» **What you should do**: Search term "every": copy each line of the records that contains it.

» **Data supplied**:
(* The following two statements are equivalent. (A) For every positive integer $k$ and every digraph $D$ of order $n \ge 12k+3$ such that $d_{D}^{+}(u) + d_{D}^{-}(v) \ge n$ for every two distinct vertices $u,v$ with $(u,v)\notin A(D)$, $D$ has a directed $2$-factor with exactly $k$ directed cycles, each of length at least $3$. (B) For every positive integer $k$, every balanced bipartite graph $G$ of order $2n$ with $n \ge 12k+3$ and every perfect matching $M$ of $G$, if $\sigma_{1,1}(G)\ge n+2$ then $G$ has a $2$-factor with exactly $k$ cycles, each of length at least $6$, containing every edge of $M$.
   Context: A digraph is finite, without loops or multiple arcs (opposite arcs allowed); $d_D^+$, $d_D^-$ denote out- and in-degree. A directed $2$-factor is a spanning subdigraph each of whose components is a directed cycle. Graphs are finite and simple; a $2$-factor is a spanning subgraph each of whose components is a cycle. For a bipartite graph $G$ with partite sets $X,Y$, $\sigma_{1,1}(G) = \min\{d_G(x)+d_G(y) : x \in X, y \in Y, xy \notin E(G)\}$ if $G$ is not complete bipartite, and $+\infty$ otherwise. *)

From mathcomp Require Import all_boot all_order all_fingroup.
Set Implicit Arguments. Unset Strict Implicit. Unset Printing Implicit Defensive.

(* A digraph on the finite vertex type T is an arc relation a : rel T;
   it has no loops (irreflexive a); multiple arcs are impossible,
   opposite arcs are allowed. Its order is #|T|. *)
Definition outdeg (T : finType) (a : rel T) (u : T) : nat := #|[set v | a u v]|.
Definition indeg (T : finType) (a : rel T) (v : T) : nat := #|[set u | a u v]|.

(* A directed 2-factor of D with exactly k directed cycles, each of length
   at least 3: a spanning subdigraph in which every vertex has in- and
   out-degree 1, i.e. a permutation s of V(D) with (u, s u) an arc for all u;
   its components (directed cycles) are the cycles (porbits) of s. *)
Definition has_dir_2factor_k (T : finType) (a : rel T) (k : nat) : Prop :=
  exists s : {perm T},
    [/\ forall u, a u (s u),
        #|porbits s| = k
      & forall C, C \in porbits s -> 3 <= #|C|].

Definition bdegX (X Y : finType) (e : X -> Y -> bool) (x : X) : nat :=
  #|[set y | e x y]|.
Definition bdegY (X Y : finType) (e : X -> Y -> bool) (y : Y) : nat :=
  #|[set x | e x y]|.

(* sigma_{1,1}(G) >= m, where sigma_{1,1} = +oo for complete bipartite G. *)
Definition sigma11_ge (X Y : finType) (e : X -> Y -> bool) (m : nat) : Prop :=
  forall x y, ~~ e x y -> m <= bdegX e x + bdegY e y.

Definition edge_set (X Y : finType) (e : X -> Y -> bool) (F : {set X * Y}) :=
  forall p, p \in F -> e p.1 p.2.

Definition perfect_matching (X Y : finType) (e : X -> Y -> bool)
    (M : {set X * Y}) : Prop :=
  [/\ edge_set e M,
      forall x, #|[set y | (x, y) \in M]| = 1
    & forall y, #|[set x | (x, y) \in M]| = 1].

Definition adjF (X Y : finType) (F : {set X * Y}) : rel (X + Y) :=
  fun u v => match u, v with
             | inl x, inr y => (x, y) \in F
             | inr y, inl x => (x, y) \in F
             | _, _ => false
             end.

Definition components (X Y : finType) (F : {set X * Y}) : {set {set X + Y}} :=
  [set [set v | connect (adjF F) u v] | u : X + Y].

(* F is (the edge set of) a 2-factor of G with exactly k cycles, each of
   length at least 6: a spanning subgraph in which every vertex has degree 2
   (so each component is a cycle), having exactly k components, each with at
   least 6 vertices (= its length). *)
Definition two_factor_k (X Y : finType) (e : X -> Y -> bool)
    (F : {set X * Y}) (k : nat) : Prop :=
  [/\ edge_set e F,
      forall x, #|[set y | (x, y) \in F]| = 2,
      forall y, #|[set x | (x, y) \in F]| = 2,
      #|components F| = k
    & forall C, C \in components F -> 6 <= #|C|].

» **Response to this task**:
(* The following two statements are equivalent. (A) For every positive integer $k$ and every digraph $D$ of order $n \ge 12k+3$ such that $d_{D}^{+}(u) + d_{D}^{-}(v) \ge n$ for every two distinct vertices $u,v$ with $(u,v)\notin A(D)$, $D$ has a directed $2$-factor with exactly $k$ directed cycles, each of length at least $3$. (B) For every positive integer $k$, every balanced bipartite graph $G$ of order $2n$ with $n \ge 12k+3$ and every perfect matching $M$ of $G$, if $\sigma_{1,1}(G)\ge n+2$ then $G$ has a $2$-factor with exactly $k$ cycles, each of length at least $6$, containing every edge of $M$.
   at least 3: a spanning subdigraph in which every vertex has in- and
   length at least 6: a spanning subgraph in which every vertex has degree 2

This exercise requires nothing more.